Freestyle and pairs
Competitions with freestyle and pair events are most familiar to the general public, because these types of skating are featured prominently on TV.
Freestyle skating consists of jumps, spins, and footwork, as well as other athletic and artistic movements skated to music. Skaters can compete in the well balanced free skate or test track free skate. Your coach can explain the difference and what is right for your skater.
Pairs, in which two skaters work together, adds elements such as lifts, assisted jumps, and skating in unison.
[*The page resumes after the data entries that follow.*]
(* Let $(X,d)$ be a nonempty ultra-metric space, $G$ a topological group and $\pi\colon G\times X\to X$ a continuous action which is $\pi$-uniform with respect to the uniformity $\mathcal U_d$ of $d$. Then there exist an ultra-normed Boolean group $(E,\|\cdot\|)$ on which $G$ acts continuously by automorphisms, and an isometric $G$-equivariant embedding $\iota\colon X\hookrightarrow E$ with $\iota(X)$ closed in $E$, such that: (1) $E$ is the free Boolean group $B(X)$ (with $\iota(x)=\{x\}$) and $\|\cdot\|$ is the Graev-type ultra-norm extending $d$: fixing $x_0\in X$ and extending $d$ to $\overline X=X\cup\{\mathbf 0\}$ by $d(x,\mathbf 0)=\max\{d(x,x_0),1\}$, one has $\|u\|=\inf\max_{1\le i\le n} d(x_{2i-1},x_{2i})$, the infimum over all representations $u=\sum_{i=1}^{n}(x_{2i-1}+x_{2i})$ with $x_j\in\overline X$; (2) the topological group $E$ is naturally isomorphic to the free Boolean non-archimedean group $B_{NA}(X,\mathcal U_d)$.
   Context: An ultra-metric satisfies $d(x,z)\le\max\{d(x,y),d(y,z)\}$. An ultra-norm on an abelian group is $\|\cdot\|\ge0$ with $\|0\|=0$, $\|-u\|=\|u\|$, $\|u+v\|\le\max\{\|u\|,\|v\|\}$ and $\|u\|=0\Rightarrow u=0$; it induces the metric $\|u-v\|$. The free Boolean group $B(X)$ is the group of finite subsets of $X$ under symmetric difference, with zero $\mathbf 0=\emptyset$. An action is $\pi$-uniform on $(X,\mathcal U)$ if for every $\varepsilon\in\mathcal U$ and $g_0\in G$ there exist $\delta\in\mathcal U$ and a neighborhood $O$ of $g_0$ with $(gx,gy)\in\varepsilon$ whenever $(x,y)\in\delta$, $g\in O$. $B_{NA}(X,\mathcal U)$ is the Boolean non-archimedean topological group (local base at identity of open subgroups, every non-identity element of order 2) with uniformly continuous $i\colon X\to B_{NA}$ such that every uniformly continuous map from $X$ into a Boolean non-archimedean group factors uniquely through $i$ via a continuous homomorphism. *)

From HB Require Import structures.
From mathcomp Require Import all_boot all_order all_algebra.
From mathcomp Require Import finmap.
From mathcomp Require Import all_classical all_reals all_analysis.
Set Implicit Arguments. Unset Strict Implicit. Unset Printing Implicit Defensive.
Import Order.TTheory GRing.Theory Num.Theory.
Local Open Scope classical_set_scope.
Local Open Scope ring_scope.

Section Defs.
Variable R : realType.

Definition is_ultrametric (X : Type) (d : X -> X -> R) : Prop :=
  [/\ (forall x y, 0 <= d x y), (forall x, d x x = 0), (forall x y, d x y = 0 -> x = y),
      (forall x y, d x y = d y x) &
      (forall x y z, d x z <= Num.max (d x y) (d y z))].

Definition is_topgroup (G : topologicalType) (mul : G -> G -> G) (inv : G -> G) (one : G) : Prop :=
  [/\ (forall a b c, mul a (mul b c) = mul (mul a b) c),
      (forall a, mul one a = a /\ mul a one = a),
      (forall a, mul (inv a) a = one /\ mul a (inv a) = one),
      continuous (fun p : G * G => mul p.1 p.2) &
      continuous inv].

Definition is_action (G X : Type) (mul : G -> G -> G) (one : G) (pi : G -> X -> X) : Prop :=
  (forall x, pi one x = x) /\ (forall g h x, pi (mul g h) x = pi g (pi h x)).

Definition action_continuous (G : topologicalType) (X : Type) (d : X -> X -> R)
  (pi : G -> X -> X) : Prop :=
  forall (g0 : G) (x0 : X) (e : R), 0 < e ->
    exists O : set G, nbhs g0 O /\
      exists2 del : R, 0 < del &
        forall g x, O g -> d x x0 < del -> d (pi g x) (pi g0 x0) < e.

(* pi-uniformity w.r.t. the uniformity U_d (base of entourages {d < e}) *)
Definition pi_uniform (G : topologicalType) (X : Type) (d : X -> X -> R)
  (pi : G -> X -> X) : Prop :=
  forall (e : R) (g0 : G), 0 < e ->
    exists2 del : R, 0 < del &
      exists O : set G, nbhs g0 O /\
        forall g x y, O g -> d x y < del -> d (pi g x) (pi g y) < e.

Variable X : choiceType.

(* free Boolean group B(X): finite subsets of X under symmetric difference *)
Definition badd (u v : {fset X}) : {fset X} := ((u `\` v) `|` (v `\` u))%fset.

(* canonical embedding of Xbar = X u {0} (0 = None) into B(X) *)
Definition osing (a : option X) : {fset X} :=
  if a is Some x then [fset x]%fset else fset0.

Definition dbar (d : X -> X -> R) (x0 : X) (a b : option X) : R :=
  match a, b with
  | Some x, Some y => d x y
  | Some x, None => Num.max (d x x0) 1
  | None, Some y => Num.max (d y x0) 1
  | None, None => 0
  end.

(* sum_{i} (x_{2i-1} + x_{2i}) for a list of pairs *)
Definition rep_sum (s : seq (option X * option X)) : {fset X} :=
  foldr (fun p acc => badd (badd (osing p.1) (osing p.2)) acc) fset0 s.

Definition rep_max (d : X -> X -> R) (x0 : X) (s : seq (option X * option X)) : R :=
  \big[Num.max/0]_(p <- s) dbar d x0 p.1 p.2.

Definition graev (d : X -> X -> R) (x0 : X) (u : {fset X}) : R :=
  inf [set r : R | exists s : seq (option X * option X),
        [/\ s != [::], rep_sum s = u & r = rep_max d x0 s]].

(* ultra-norm on the Boolean group B(X) (note -u = u) *)
Definition is_ultranorm (N : {fset X} -> R) : Prop :=
  [/\ (forall u, 0 <= N u), N fset0 = 0,
      (forall u v, N (badd u v) <= Num.max (N u) (N v)) &
      (forall u, N u = 0 -> u = fset0)].

Definition bact (G : Type) (pi : G -> X -> X) (g : G) (u : {fset X}) : {fset X} :=
  [fset pi g x | x in u]%fset.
A new skater normally starts competing at a basic skills competition or non-qualifying competition. Levels for these events normally start at limited beginner or beginner all the way through senior by progressing through subsequent levels by mastering new elements and passing skating tests. Adult levels are also available. Skaters can participate in events called non-qualifying competitions, as well as qualifying competitions that ultimately lead to the national championships.
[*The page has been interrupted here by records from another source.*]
(* Let $t_{\mathrm m},t_{\mathrm b}\ge 1$, $t_{\mathrm{msg}}\ge 0$ and $t_{\mathrm{cut}}$ be integers with $t_{\mathrm{cut}}>\max\{t_{\mathrm m},t_{\mathrm b},t_{\mathrm{msg}}\}$, and let $p_{\mathrm m},p_{\mathrm b}\in(0,1)$. Let $M_1,M_2,M_b$ be independent random variables with $\mathbb P(M_1=j)=\mathbb P(M_2=j)=p_{\mathrm m}(1-p_{\mathrm m})^{j-1}$ and $\mathbb P(M_b=j)=p_{\mathrm b}(1-p_{\mathrm b})^{j-1}$ for $j\in\{1,2,\dots\}$, and put $X_1=t_{\mathrm m}M_1$, $X_2=t_{\mathrm m}M_2$, $X_b=t_{\mathrm b}M_b$, $X_{\max}=\max\{X_1,X_2,X_b\}$, $X_{\min}=\min\{X_1,X_2,X_b\}$. Let $Y=1$ if $X_{\max}-X_{\min}<t_{\mathrm{cut}}$ and $Y=0$ otherwise, let $p=\mathbb P(Y=1)$, and let $$Z=\begin{cases}X_{\max}+t_{\mathrm{msg}}, & Y=1,\\ X_{\min}+t_{\mathrm{cut}}, & Y=0.\end{cases}$$ Let $(Y^{(i)},Z^{(i)})_{i\ge1}$ be i.i.d. copies of $(Y,Z)$, let $N=\min\{i\ge1: Y^{(i)}=1\}$ and $X_{\mathrm{e2e}}=\sum_{i=1}^{N}Z^{(i)}$. For $i,j\in\{1,2,b\}$ define the events $A_i^+=\{X_{\max}=X_i,\ X_{\max}-X_{\min}<t_{\mathrm{cut}}\}$, $A_i^-=\{X_{\max}=X_i,\ X_{\max}-X_{\min}\ge t_{\mathrm{cut}}\}$, $A_{ij}^-=\{X_{\max}=X_i,\ X_{\min}=X_j,\ X_{\max}-X_{\min}\ge t_{\mathrm{cut}}\}$, and write juxtaposition of events for their intersection (e.g. $A_1^+A_2^+=A_1^+\cap A_2^+$, $A_{12}^-A_{1b}^-=A_{12}^-\cap A_{1b}^-$). Then $$\mathbb E(X_{\mathrm{e2e}})=\frac{\mathbb E(Z\mathbf 1_{Y=0})+\mathbb E(Z\mathbf 1_{Y=1})}{p},$$ where $$\mathbb E(Z\mathbf 1_{Y=1})=2\mathbb E(Z\mathbf 1_{A_1^+})+\mathbb E(Z\mathbf 1_{A_b^+})-\mathbb E(Z\mathbf 1_{A_1^+A_2^+})-2\mathbb E(Z\mathbf 1_{A_1^+A_b^+})+\mathbb E(Z\mathbf 1_{A_1^+A_2^+A_b^+}),$$ $$\mathbb E(Z\mathbf 1_{Y=0})=2\big(\mathbb E(Z\mathbf 1_{A_{12}^-})+\mathbb E(Z\mathbf 1_{A_{1b}^-})+\mathbb E(Z\mathbf 1_{A_{b1}^-})\big)-2\mathbb E(Z\mathbf 1_{A_{12}^-A_{1b}^-})-\mathbb E(Z\mathbf 1_{A_{b1}^-A_{b2}^-})-\mathbb E(Z\mathbf 1_{A_1^-A_2^-})-2\mathbb E(Z\mathbf 1_{A_1^-A_b^-}).$$
   Context: This models end-to-end entanglement generation in a chain of three elementary links (two identical metropolitan links 1, 2 and a backbone link b) with a global cut-off: in each round, $X_1,X_2,X_b$ are the times at which the three elementary links are first generated; the round succeeds ($Y=1$) iff all three are generated within a window shorter than $t_{\mathrm{cut}}$; a successful round lasts $X_{\max}+t_{\mathrm{msg}}$ and a failed round lasts $X_{\min}+t_{\mathrm{cut}}$; rounds are repeated independently until the first success, and $X_{\mathrm{e2e}}$ is the total time until a successful end-to-end link. *)

From HB Require Import structures.
From mathcomp Require Import all_boot all_order all_algebra.
From mathcomp Require Import all_classical all_reals all_analysis.
Set Implicit Arguments. Unset Strict Implicit. Unset Printing Implicit Defensive.
Import Order.TTheory GRing.Theory Num.Theory.
Local Open Scope classical_set_scope.
Local Open Scope ring_scope.

Inductive link := L1 | L2 | Lb.

Definition link_eqb (a b : link) : bool :=
  match a, b with L1, L1 | L2, L2 | Lb, Lb => true | _, _ => false end.
Lemma link_eqP : Equality.axiom link_eqb.
Proof. by case; case; constructor. Qed.
HB.instance Definition _ := hasDecEq.Build link link_eqP.

Definition mutually_independent {d} {T : measurableType d} {R : realType}
  (P : probability T R) {I : eqType} {V : Type} (X : I -> T -> V) : Prop :=
  forall (s : seq I) (B : I -> set V), uniq s ->
    P (\bigcap_(i in [set` s]) (X i @^-1` B i)) =
    (\prod_(i <- s) P (X i @^-1` B i))%E.

Definition Mof {T : Type} (M1 M2 Mb : T -> nat) (l : link) : T -> nat :=
  match l with L1 => M1 | L2 => M2 | Lb => Mb end.

Definition Xof {T : Type} (tm tb : nat) (M1 M2 Mb : T -> nat) (l : link) (x : T) : nat :=
  match l with L1 => tm * M1 x | L2 => tm * M2 x | Lb => tb * Mb x end.

Definition Xmax {T : Type} (X : link -> T -> nat) (x : T) : nat :=
  maxn (X L1 x) (maxn (X L2 x) (X Lb x)).
Definition Xmin {T : Type} (X : link -> T -> nat) (x : T) : nat :=
  minn (X L1 x) (minn (X L2 x) (X Lb x)).

Definition Yof {T : Type} (tcut : nat) (X : link -> T -> nat) (x : T) : nat :=
  if (Xmax X x - Xmin X x < tcut)%N then 1%N else 0%N.

Definition Zof {T : Type} (tcut tmsg : nat) (X : link -> T -> nat) (x : T) : nat :=
  if Yof tcut X x == 1%N then (Xmax X x + tmsg)%N else (Xmin X x + tcut)%N.

Definition Aplus {T : Type} (tcut : nat) (X : link -> T -> nat) (i : link) : set T :=
  [set x | Xmax X x = X i x /\ (Xmax X x - Xmin X x < tcut)%N].
Definition Aminus {T : Type} (tcut : nat) (X : link -> T -> nat) (i : link) : set T :=
  [set x | Xmax X x = X i x /\ (tcut <= Xmax X x - Xmin X x)%N].
Definition Aminus2 {T : Type} (tcut : nat) (X : link -> T -> nat) (i j : link) : set T :=
  [set x | Xmax X x = X i x /\ Xmin X x = X j x /\ (tcut <= Xmax X x - Xmin X x)%N].

Definition EZ {d} {T : measurableType d} {R : realType} (P : probability T R)
  (F : T -> nat) (A : set T) : \bar R :=
  (\int[P]_(x in A) ((F x)%:R : R)%:E)%E.

(* C i = (Y^(i+1), Z^(i+1)) (0-based indexing of the copies).
   X_e2e = sum_{i=1}^N Z^(i), written as the sum of all Z^(i) with
   i <= N, i.e. with Y^(k) = 0 for all k < i (this is +oo if N = oo). *)
Definition Xe2e {T : Type} {R : realType} (C : nat -> T -> nat * nat) (x : T) : \bar R :=
  (\sum_(0 <= i <oo)
     (if all (fun k => (C k x).1 == 0%N) (iota 0 i)
      then (((C i x).2)%:R : R) else 0)%:E)%E.

From HB Require Import structures.
From mathcomp Require Import all_boot all_order all_algebra.
From mathcomp Require Import all_classical all_reals all_analysis.
From mathcomp Require Import measurable_realfun zify ring lra.
Import Order.TTheory GRing.Theory Num.Theory.
Local Open Scope classical_set_scope.
Local Open Scope ring_scope.

(* Each round is an independent copy of (Y, Z), so the probability that rounds
   1, ..., i fail and round i + 1 lasts z is (1 - p)^i P(Z = z); summing over i
   and z gives the Wald identity E(X_e2e) = E(Z) / p.
   The two expansions of E(Z 1_{Y = y}) are integrated pointwise identities between
   the numbers of events containing the outcome (M_1, M_2, M_b): inclusion-exclusion
   over the links attaining the maximum when Y = 1, and a count of the pairs
   (maximal link, minimal link) when Y = 0. As M_1, M_2 are i.i.d. and independent
   of M_b, swapping them preserves the law of the triple, which merges the terms
   that are symmetric in links 1 and 2. All terms are finite because
   Z <= X_1 + t_cut + t_msg and geometric variables have finite mean, so the
   identities can be rearranged in R. *)

Section discrete_integrals.
Context {d : measure_display} {T : measurableType d} {R : realType}.
Variable mu : {measure set T -> \bar R}.
Local Open Scope ereal_scope.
This is a prescribed and formatted style of footwork with emphasis on edges, power, posture, and speed. The levels normally range from beginner – juvenile.
Skaters compete dances without a partner
Artistic freestyle skaters are normally judged on composition and presentation. Often time’s costumes are worn. Artistic feeling and presentation are stressed more than the technical difficulty in these events. Competitions often offer two kinds of artistic.
Entertainment artistic generally evokes funny, humorous or a lively response. Dramatic artistic events are considered to be of a more elegant, serious nature.
Ice dancing is included in all qualifying competitions. There are also non-qualifying competitions throughout the year that offer ice dance events, as well as competitions that are exclusively for ice dancing.
Synchronized team skating
Synchronized team skating is a fast-paced, high-speed sport that requires intricate footwork, as well as the reliance on all members of the team to produce, in unison, a cohesive, beautifully orchestrated, yet complex program. Non-qualifying synchronized team skating competitions may be held at any time of the year.
For qualifying competitions teams first compete at one of three sectional championships, and top finishers at sectionals move on to the national synchronized team skating championships. Similar to the other types of skating, there are several levels in synchronized skating that are based on age and skating ability.
Currently, GGBFSC has three competitive teams called KICKS.